(* Let $G$ be a finitely generated group and $\phi\in\mathrm{Aut}(G)$. Then: (i) if $GCP_{Rat}(G\rtimes_\phi\mathbb{Z})$ is decidable, then $GBrCP_{(Rat,\phi)}(G)$ and $GTCP_{(Rat,\phi)}(G)$ are decidable; (ii) if $GCP_{Rat}(G\rtimes\mathbb{Z})$ is decidable, then $GBrCP_{Rat}(G)$ and $GTCP_{Rat}(G)$ are decidable; (iii) if $GCP_{Alg}(G\rtimes_\phi\mathbb{Z})$ is decidable, then $GBrCP_{(Alg,\phi)}(G)$ and $GTCP_{(Alg,\phi)}(G)$ are decidable; (iv) if $GCP_{Alg}(G\rtimes\mathbb{Z})$ is decidable, then $GBrCP_{Alg}(G)$ and $GTCP_{Alg}(G)$ are decidable.
   Context: $G\rtimes_\psi\mathbb{Z}$ is generated by $G$ and $t$ with $t^{-1}at=\psi(a)$. For a finitely generated group $X$ with finite generating set $A$ and canonical surjection $\pi:\tilde A^*\to X$ from the free monoid on $A\cup A^{-1}$, a subset $K\subseteq X$ is rational ($Rat$) if $K=L\pi$ for a rational language $L$, and algebraic ($Alg$) if $K=L\pi$ for a context-free language $L$ (given by automaton/grammar). For $\mathcal C\in\{Rat,Alg\}$: $GCP_{\mathcal C}(X)$: given $K\in\mathcal C(X)$ and $x\in X$, decide whether some conjugate of $x$ lies in $K$; $GCP_{\mathcal C}(G\rtimes\mathbb{Z})$ is the uniform version with the defining automorphism also part of the input. $GBrCP_{\mathcal C}(G)$: given $K\in\mathcal C(G)$, $\psi\in\mathrm{Aut}(G)$, $x\in G$, decide whether some $\psi^k(x)$, $k\in\mathbb{Z}$, is conjugate to an element of $K$. $GTCP_{\mathcal C}(G)$: given $K$, $\psi$, $x$, decide whether there is $z\in G$ with $\psi(z)^{-1}xz\in K$. The subscript $(\mathcal C,\phi)$ means the automorphism is fixed to be $\phi$. *)

From mathcomp Require Import all_boot all_algebra.
Set Implicit Arguments. Unset Strict Implicit. Unset Printing Implicit Defensive.
Import GRing.Theory.

(* Decidability is expressed through this explicit program syntax,    *)
(* NOT through Rocq functions (which, with the classical axioms that  *)
(* are allowed, would make every predicate "decidable").              *)
Inductive recf : Type :=
| RZero : recf
| RSucc : recf
| RProj : nat -> recf
| RComp : recf -> list recf -> recf
| RPrim : recf -> recf -> recf
| RMu   : recf -> recf.

Inductive reval : recf -> seq nat -> nat -> Prop :=
| ev_zero v : reval RZero v 0
| ev_succ x v : reval RSucc (x :: v) x.+1
| ev_proj i v : i < size v -> reval (RProj i) v (nth 0 v i)
| ev_comp f gs v ys y : revals gs v ys -> reval f ys y -> reval (RComp f gs) v y
| ev_prim0 f g v y : reval f v y -> reval (RPrim f g) (0 :: v) y
| ev_primS f g n v r y :
    reval (RPrim f g) (n :: v) r -> reval g (n :: r :: v) y ->
    reval (RPrim f g) (n.+1 :: v) y
| ev_mu f v n :
    reval f (n :: v) 0 ->
    (forall m, m < n -> exists k, reval f (m :: v) k.+1) ->
    reval (RMu f) v n
with revals : seq recf -> seq nat -> seq nat -> Prop :=
| evs_nil v : revals [::] v [::]
| evs_cons g gs v y ys : reval g v y -> revals gs v ys -> revals (g :: gs) v (y :: ys).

- [Task instructions] Go through the material above and output exactly the lines from the one containing "(RComp f gs) v y" through the one containing "(forall m, m".

- [Answer space]
| ev_comp f gs v ys y : revals gs v ys -> reval f ys y -> reval (RComp f gs) v y
| ev_prim0 f g v y : reval f v y -> reval (RPrim f g) (0 :: v) y
| ev_primS f g n v r y :
    reval (RPrim f g) (n :: v) r -> reval g (n :: r :: v) y ->
    reval (RPrim f g) (n.+1 :: v) y
| ev_mu f v n :
    reval f (n :: v) 0 ->
    (forall m, m < n -> exists k, reval f (m :: v) k.+1) ->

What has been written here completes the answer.